Provided data Start Marker

Lemma exists_opening : 3 * d + 7 <= #|fresh C B| ->
  exists x y, [/\ x \in fresh C B, y \in fresh C B, x != y, [set x; y] \notin B &
    forall q, q \in pendant C B -> [set q; x] \notin B /\ [set q; y] \notin B].
Proof.
move=> many_fresh; have [_ _ _ _ _ pendant2] := invCB.
pose NQ := \bigcup_(q in pendant C B) nbr B q.
have NQ_le : #|NQ| <= 2 * d.
  apply: leq_trans (card_bigcup_le _ _) _.
  apply: leq_trans (_ : \sum_(q in pendant C B) d <= _).
    by apply: leq_sum => q; rewrite inE => /andP[_]; apply: leq_trans (card_nbr _ _).
  by rewrite sum_nat_const leq_mul2r pendant2 orbT.
have far u q : u \notin NQ -> q \in pendant C B -> [set q; u] \notin B.
  by move=> uNQ qP; apply: contra uNQ => quB; apply/bigcupP; exists q; rewrite ?in_nbr.
have [x xF xNQ] : exists2 x, x \in fresh C B & x \notin NQ.
  by apply: exists_notin; apply: leq_trans many_fresh; apply: leq_ltn_trans NQ_le _; lia.
have [y yF] : exists2 y, y \in fresh C B & y \notin x |: (NQ :|: nbr B x).
  apply: exists_notin; apply: leq_trans many_fresh.
  apply: (@leq_ltn_trans (2 * d + d).+1); last lia.
  apply: leq_trans (cardsU1_leS _ _) _; rewrite ltnS.
  apply: leq_trans (leq_card_setU _ _).1 _.
  rewrite leq_add // (leq_trans (card_nbr _ _)) //.
  by move: xF; rewrite inE => /andP[].
rewrite in_setU1 in_setU in_nbr !negb_or => /andP[yx /andP[yNQ xyB]].
by exists x, y; split; rewrite 1?eq_sym // => q qP; rewrite !far.
Qed.

Lemma secures_round : 3 * d + 7 <= #|fresh C B| -> secures target true C B.
Proof.
move=> many_fresh; have [x [y [xF yF xy xyB far]]] := exists_opening many_fresh.
have freshP u : u \in fresh C B -> deg C u = 0 /\ deg B u <= d.
  by rewrite inE => /andP[/eqP].
have [[x0 xB] [y0 _]] := (freshP x xF, freshP y yF).
have xyC : [set x; y] \notin C by apply: (deg0_notin x0); rewrite !inE eqxx.
have [x_le2 y_le2] : deg C x <= 2 /\ deg C y <= 2 by rewrite x0 y0.
have [xy_move deg3_C1] := cmove_pair xy xyC xyB (invariant_deg invCB) x_le2 y_le2.
apply: secures_cmove xy_move _.
apply: secures_bmoves => [f /bmovesP[fK _ _]|stuck].
  by apply: secures_second_move => // q /far[].
have [z zF] : exists2 z, z \in fresh C B & z \notin [set x; y] :|: nbr B x.
  apply: exists_notin; apply: leq_trans many_fresh.
  apply: leq_ltn_trans (leq_card_setU _ _).1 _; rewrite cards2 xy.
  apply: (@leq_ltn_trans (2 + d)); last by rewrite /=; lia.
  by rewrite leq_add2l (leq_trans (card_nbr _ _)).
rewrite in_setU in_nbr !inE !negb_or => /andP[/andP[zx zy] xzB].
have : [set x; z] \in bmoves ([set x; y] |: C) B.
  apply/bmovesP; split; rewrite ?set2_edge 1?eq_sym //.
  rewrite in_setU1 negb_or set2_neqr ?(deg0_notin x0) ?inE ?eqxx //.
  by rewrite negb_or zx zy.
by rewrite stuck inE.
Qed.

End Round.

Lemma secures_target C B : invariant C B -> secures target true C B.
Proof.
have [m] := ubnP #|bmoves C B|; elim: m C B => // m IHm C B lt_m inv.
case: (ltnP #|fresh C B| (3 * d + 7)) => [few|many].
  exact/secures_score/(target_le_score inv).
apply: secures_round many => // C' B' inv' lt_C'B'.
by apply: IHm inv'; apply: leq_trans lt_C'B' _; rewrite -ltnS.
Qed.

Lemma invariant_empty : invariant set0 set0.
Proof.
have deg0 u : deg (set0 : E) u = 0.
  by apply/eqP; rewrite cards_eq0; apply/eqP/setP => e; rewrite !inE.
split; rewrite ?sub0set ?cards0 //.
- by move=> u; rewrite deg0.
- apply: leq_trans (leq_addl _ _); rewrite -[X in X <= _](card_ord n) -cardsT.
  by apply/subset_leq_card/subsetP => u _; rewrite inE deg0.
- rewrite (_ : pendant set0 set0 = set0) ?cards0 //.
  by apply/setP => u; rewrite !inE deg0.
Qed.

Lemma target_le_g_value : target <= g_value K3 S4 n.
Proof. exact/g_value_ge/secures_target/invariant_empty. Qed.

End Strategy.

(** * The asymptotic bound *)

Lemma strategy_loss_le D n d : 0 < D -> 36 * D * D + 20 * D <= n ->
  d = n %/ (6 * D) -> D * (3 * d + 10 + (3 * n) %/ d.+1) <= n.
Proof.
move=> D0 large ->{d}; set d := n %/ (6 * D).
have d_le : d * (6 * D) <= n := leq_trunc_div _ _.
have d_gt : n < d.+1 * (6 * D) by apply: ltn_ceil; lia.
set q := (3 * n) %/ d.+1.
have q_le : q * d.+1 <= 3 * n := leq_trunc_div _ _.
have q_lt : q < 18 * D.
  rewrite -(ltn_pmul2r (_ : 0 < d.+1)) //; apply: leq_ltn_trans q_le _.
  have : 3 * n < 3 * (d.+1 * (6 * D)) by rewrite ltn_pmul2l.
  lia.
nia.
Qed.

Lemma g_value_K3_S4_lower D n : 0 < D -> 36 * D * D + 20 * D <= n ->
  D * n <= D * (3 * g_value K3 S4 n) + n.
Proof.
move=> D0 large; have := strategy_loss_le D0 large (erefl _).
have := target_le_g_value n (n %/ (6 * D)); rewrite /target.
set d := n %/ (6 * D); set g := g_value K3 S4 n; set L := 3 * d + 8 + _ => g_ge loss.
have : n - L <= 3 * ((n - L) %/ 3) + 2 by lia.
nia.
Qed.

Import Order.TTheory GRing.Theory Num.Theory.
Local Open Scope ring_scope.

Theorem proposition3p5 :
  forall eps : rat, 0 < eps ->
  exists N : nat, forall n : nat, (N <= n)%N ->
    (n%:R / 3) * (1 - eps) <= (g_value K3 S4 n)%:R :> rat.
Proof.
move=> eps eps_gt0; set D := Num.Def.archi_bound eps^-1.
have invD : eps^-1 < D%:R by apply: archi_boundP; rewrite invr_ge0 ltW.
have D_gt0 : (0 < D)%N.
  by rewrite -(ltr0n rat); apply: le_lt_trans invD; rewrite invr_ge0 ltW.
have eps_D : 1 <= eps * D%:R.
  have : eps * eps^-1 < eps * D%:R by rewrite ltr_pM2l.
  by rewrite mulfV ?lt0r_neq0 // => /ltW.
exists (36 * D * D + 20 * D)%N => n large.
have := g_value_K3_S4_lower D_gt0 large; rewrite -(ler_nat rat) natrD !natrM.
have n_ge0 : 0 <= n%:R :> rat by rewrite ler0n.
have D_gt0' : 0 < D%:R :> rat by rewrite ltr0n.
nra.
Qed.
(* Fix a class index $k$, an iteration $t$, data $S_1,\dots,S_N$, weights $r^{(t)}_{nk}\ge 0$, and a tuning parameter $\rho>0$. For a coefficient vector $\boldsymbol B_k\in\mathbb R^H$ let $\hat\mu^{(t)}_\phi(\boldsymbol B_k)$ be the solution $\mu$ of $$\sum_{n=1}^N r^{(t)}_{nk}\,L(S_n)\,\phi_\rho\Big(\log\mathrm{NHP}(S_n\mid\boldsymbol B_k)/L(S_n)-\mu\Big)=0.$$ Then the gradient $\varrho^{(t)}_k:=\frac{\partial\hat\mu^{(t)}_\phi(\boldsymbol B_k)}{\partial\boldsymbol B_k}\Big|_{\boldsymbol B_k^{(t-1)}}$ equals $$\sum_{n=1}^N\frac{r^{(t)}_{nk}w^{(t)}_{nk}}{\sum_{n'=1}^N r^{(t)}_{n'k}w^{(t)}_{n'k}L(S_{n'})}\cdot\frac{\partial\log\mathrm{NHP}(S_n\mid\boldsymbol B_k)}{\partial\boldsymbol B_k}\Big|_{\boldsymbol B_k^{(t-1)}},$$ where $w^{(t)}_{nk}=\phi_\rho'\Big(\log\mathrm{NHP}(S_n\mid\boldsymbol B^{(t-1)}_k)/L(S_n)-\hat\mu^{(t)}_\phi(\boldsymbol B^{(t-1)}_k)\Big)$.
   Context: Event streams are observed over $L(S)$ periods of length $T$. Given periodic basis functions $\kappa_1,\dots,\kappa_H$ on $[0,T]$ (extended $T$-periodically) and $\boldsymbol B_k=(b_{k,1},\dots,b_{k,H})$, set $\lambda_k(t)=\sum_h b_{k,h}\kappa_h(t)$ and, for $S=(t_1,\dots,t_M)$, $\mathrm{NHP}(S\mid\boldsymbol B_k)=\prod_i\lambda_k(t_i)\exp\big(-\int_0^{L(S)T}\lambda_k(t)dt\big)$. The Catoni-type influence function is $\phi(x)=\log(1+x+x^2/2)$ for $0\le x\le 2$, $\phi(x)=\frac{0.032}{9}(x-9.5)^3+1.5+\log 5$ for $2<x\le 9.5$, $\phi(x)=1.5+\log 5$ for $x>9.5$, and $\phi(x)=-\phi(-x)$ for $x<0$; $\phi_\rho(x):=\rho^{-1}\phi(\rho x)$. *)

From HB Require Import structures.
From mathcomp Require Import all_boot all_order all_algebra.
From mathcomp Require Import all_classical all_reals all_analysis.
Set Implicit Arguments. Unset Strict Implicit. Unset Printing Implicit Defensive.
Import Order.TTheory GRing.Theory Num.Theory.
Import numFieldNormedType.Exports.
Local Open Scope classical_set_scope.
Local Open Scope ring_scope.

Section Defs.
Variable R : realType.

(* Catoni-type influence function phi, on x >= 0 *)
Definition phi_pos (x : R) : R :=
  if x <= 2 then ln (1 + x + x ^+ 2 / 2)
  else if x <= 19 / 2 then (32 / 1000) / 9 * (x - 19 / 2) ^+ 3 + 3 / 2 + ln 5
  else 3 / 2 + ln 5.

Definition phi (x : R) : R := if 0 <= x then phi_pos x else - phi_pos (- x).

Definition phi_rho (rho : R) (x : R) : R := rho^-1 * phi (rho * x).
(* Fix $m\le n$. There is a unique bijection $\phi_m$ between the set of complete $m$-chains of $\Pi(n)$ and the set of ordered $(m,n)$-forests that sends a chain $C$ with top element $P$ and Jordan-Hölder permutation $\lambda$ to an ordered forest with priority forest $P$ and priority traversal $\lambda^{-1}$. The bijection $\phi_m$ is explicitly defined as $\phi_m(C) = \lambda^{-1}(P)$.
   Context: An ordered $(m,n)$-forest is a rooted forest with $n+1$ nodes and $m$ edges whose component trees $T_0,\dots,T_{n-m}$ are totally ordered, with roots marked $\circ,\circ_1,\dots,\circ_{n-m}$ recording the order, and whose $m$ non-root vertices are labeled by $[m]=\{1,\dots,m\}$. The priority-first search on an ordered forest starts with only the children of $\circ$ unblocked; at each step it visits the unblocked node with smallest label and unblocks its children; when a component tree is exhausted it moves to the next tree, reads its root and unblocks the root's children. The priority traversal of the forest is the resulting sequence of visited nodes (the initial root $\circ$ is not recorded, and the other roots are recorded as $-$), a partial permutation. The priority forest of an ordered forest is obtained by relabeling its nodes in the order they are visited by priority search, with $\circ$ labeled $0$. In general, a priority forest labeled with $\{0,1,\dots,n\}$ is a rooted forest $(T_0,\dots,T_{n-m})$ whose component trees are increasing and ordered by root labels, such that for $j<k$ every label of $T_j$ is smaller than every label of $T_k$. The priority lattice $\Pi(n)$ consists of all priority forests labeled with $\{0,1,\dots,n\}$ together with an extra top element $\hat 1$, ordered by inclusion of edge sets for priority forests; its bottom element $\hat 0$ is the edgeless forest. For a cover relation $P'\lessdot P$ between priority forests, the edge label $\lambda(P',P)$ is the larger endpoint of the unique edge in $E(P)\setminus E(P')$ (covers involving $\hat 1$ are unlabeled). A complete $m$-chain is a saturated chain $C:\hat 0=P_0\lessdot P_1\lessdot\cdots\lessdot P_m=P$ of length $m$ starting at $\hat 0$; its Jordan-Hölder permutation is $\lambda(C)=(\lambda(P_0,P_1),\dots,\lambda(P_{m-1},P_m))$, a partial permutation. For such $C$ with top element $P$, $\lambda^{-1}(P)$ denotes the ordered forest obtained by relabeling the non-root vertices of $P$ according to the partial permutation $\lambda(C)^{-1}$ and recording the relative order of the roots in the subscripts of the $\circ$'s. *)

From mathcomp Require Import all_boot.
Set Implicit Arguments. Unset Strict Implicit. Unset Printing Implicit Defensive.

(* A (rooted) forest on the vertex set 'I_n.+1 = {0..n} is given by its *)
(* parent map: P i = Some p iff (p,i) is an edge with p the parent of i; *)
(* P i = None iff i is a root.                                          *)

Definition forest (n : nat) := {ffun 'I_n.+1 -> option 'I_n.+1}.

(* the root of the component tree containing x (n parent steps suffice
   for increasing forests, whose depth is at most n) *)
Definition froot n (P : forest n) (x : 'I_n.+1) : 'I_n.+1 :=
  iter n (fun y => if P y is Some p then p else y) x.

Definition is_prio_forest n (P : forest n) : bool :=
  [forall i, forall p, (P i == Some p) ==> (p < i)] &&
  [forall x, forall y, (froot P x < froot P y) ==> (x < y)].

(* inclusion of edge sets E(P) \subset E(Q) *)
Definition le_forest n (P Q : forest n) : bool :=
  [forall i, (P i != None) ==> (Q i == P i)].

Definition bot_forest n : forest n := [ffun _ => None].

(* cover relation P' <. P between priority forests in Pi(n) (the extra top
   element \hat 1 lies above every priority forest, so it never lies strictly
   between two priority forests) *)
Definition covers n (P' P : forest n) : bool :=
  [&& is_prio_forest P', is_prio_forest P, le_forest P' P, P' != P &
   ~~ [exists R : forest n, [&& is_prio_forest R, le_forest P' R,
                               le_forest R P, R != P' & R != P]]].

Provided data End Marker

What you are asked to do - Which lines above include "Some"? Show each of them by copying it.

Answer -
(* parent map: P i = Some p iff (p,i) is an edge with p the parent of i; *)
  iter n (fun y => if P y is Some p then p else y) x.
  [forall i, forall p, (P i == Some p) ==> (p < i)] &&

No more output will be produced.